Friday, May 31, 2013

late may


Today, talking with a friend, I said, “I don’t know who I am right now.” I’ve been thinking a lot about the time I spent abroad--it’s been six months that I’ve been home, and realizing it aches. It hurts. I’m glad to be with people who matter to me. I’m glad to be at school. I’m glad to be where I am, in intense bursts. I’m glad I’ve met who I’ve met. I’ve been reintroduced to beauty, to goodness, to just enough reality to paralyze me out of choosing. Where will you go? I don’t know. What will you do? I don’t know. What will you write? ... I don’t know.

When I was in Paris, it was near Christmas, and walking down the Champs-Elysees in cold, wet shoes, after having gotten rained on heavily, mercilessly, after having gotten lost for two hours in the city looking for the Eiffel Tower, I felt like the light reflecting off water caught in gutters after the downpour. I loved the smell of wine in the air, warm, earthy, spiced for the season. I felt like things could grow out of the air, drop from the sky. Appear out of stars. Things could rearrange around me, air could be a cocoon for me. I felt comfortable; myself. I felt as though, walking the old streets, naive and moon-faced, I could slouch my way to heaven. There is a contentedness that beats deep in the heart, and for one night in Paris, it was mine. 

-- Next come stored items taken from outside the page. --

(* Let $p\ge5$ be prime and $m\ge2$ an integer. Then the polynomial $$f_p=1+\sum_{k=0}^{(p-1)/2}(-1)^k\frac{p}{p-k}\binom{p-k}{k}m^kZ^{p-2k}\in\mathbb{Z}[Z]$$ is irreducible in $\mathbb{Q}[Z]$.
   Context: This polynomial equals $\sqrt m^{\,p}F_p(Z/\sqrt m)+1$ where $F_p(Z)=2T_p(Z/2)$ with $T_p$ the Chebyshev polynomial of the first kind; it is the De Moivre polynomial $f_p(Z,d,R)$ with $d=-1/(2m^{(p-1)/2})$, $R=(1-4m^p)/(4m^{p-1})$ (so $D=d^2-R=m$). *)

From mathcomp Require Import all_boot all_order all_algebra.
Set Implicit Arguments. Unset Strict Implicit. Unset Printing Implicit Defensive.
From mathcomp Require Import rat.
Import GRing.Theory Num.Theory.
Local Open Scope ring_scope.

Definition f_poly (p m : nat) : {poly rat} :=
  1 + \sum_(0 <= k < ((p.-1)./2).+1)
        ((-1) ^+ k * (p%:R / (p - k)%:R) * ('C(p - k, k))%:R * (m%:R) ^+ k)%:P
          * 'X ^+ (p - 2 * k).

From mathcomp Require Import all_boot all_order all_algebra all_field.
From mathcomp Require Import ring zify.
Set Implicit Arguments. Unset Strict Implicit. Unset Printing Implicit Defensive.
Import Order.TTheory GRing.Theory Num.Theory.
Local Open Scope ring_scope.

(* f_p = 1 + D_p(Z, m), where D_n(X, mu) is the Dickson polynomial, which
   satisfies D_n(x + mu/x) = x^n + (mu/x)^n.  Hence, for x != 0,
       x^p f_p(x + m/x) = (x^p - s)(x^p - conj s),
   where s, conj s are the non-real roots of Y^2 + Y + m^p.  Let q be a
   rational factor of f_p with 1 <= deg q < p, and G = X^(deg q) q(X + m/X),
   a real polynomial of degree at most 2 deg q.  The gcd g of G and X^p - s
   has coefficients in Q(s); it is not constant (lifting a root of q gives
   a common root), and it is not X^p - s (otherwise X^p - conj s would also
   divide G, forcing deg G >= 2p).  So g is a proper factor of X^p - s, and
   the product of its roots produces a p-th root b of s lying in Q(s).
   Writing b = a + c s one finds b conj b = m, so b + m/b = 2a - c is a
   rational root of f_p.  This is impossible: a rational root of the monic
   integer polynomial f_p is an integer dividing f_p(0) = 1, and
   f_p(1), f_p(-1) are nonzero by a congruence modulo p m^2. *)

Lemma nat_ind2 (P : nat -> Prop) :
  P 0%N -> P 1%N -> (forall n, P n -> P n.+1 -> P n.+2) -> forall n, P n.
Proof.
move=> P0 P1 PSS n; suff: P n /\ P n.+1 by case.
by elim: n => [|n [Pn Pn1]]; split=> //; apply: PSS.
Qed.

(* c(n, k) = C(n-k, k) + C(n-k-1, k-1), which equals n/(n-k) C(n-k, k): the
   coefficient of (-mu)^k X^(n-2k) in D_n. *)
Definition dickson_coef (n k : nat) : nat :=
  ('C(n - k, k) + (0 < k)%N * 'C(n - k - 1, k.-1))%N.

Sometimes I am suffocated by the force of my own want, what will not stop. That every small thing I do on purpose might be done to be known more. I returned home from school after having a poem workshopped the other day, and exited the car, stood in the middle of the street. I couldn’t tell if I was disappointed in myself or my writing. If I was confused in myself or my writing. Have I lost hope in myself, or in my writing? Do I not see myself going anywhere, or do I not see my writing going anywhere? I don’t know. But I know I’m willing to stare into darkness. Something is always emerging in it, of it, folding it into something, someone is always good to show me what’s in it.  The secret to islands, I wrote while in England, is that there’s an ocean floor.

I think I am the one who feels too much, who admires aimlessly, selfishly, who revisits and revisits life after it has happened out of some need to rearrange, to steep, to arrive at an undeserved peace. 

I’m sorry I haven’t written in so long. I’m revisiting London in stories. I graduate in a year. A year to cure my skin, so I can do something new, so I can take real steps to a real place and maybe become somebody, if only to myself. It’s been six months since I was abroad but I am abroad every day. I think I’m going to be abroad forever, at least a little bit.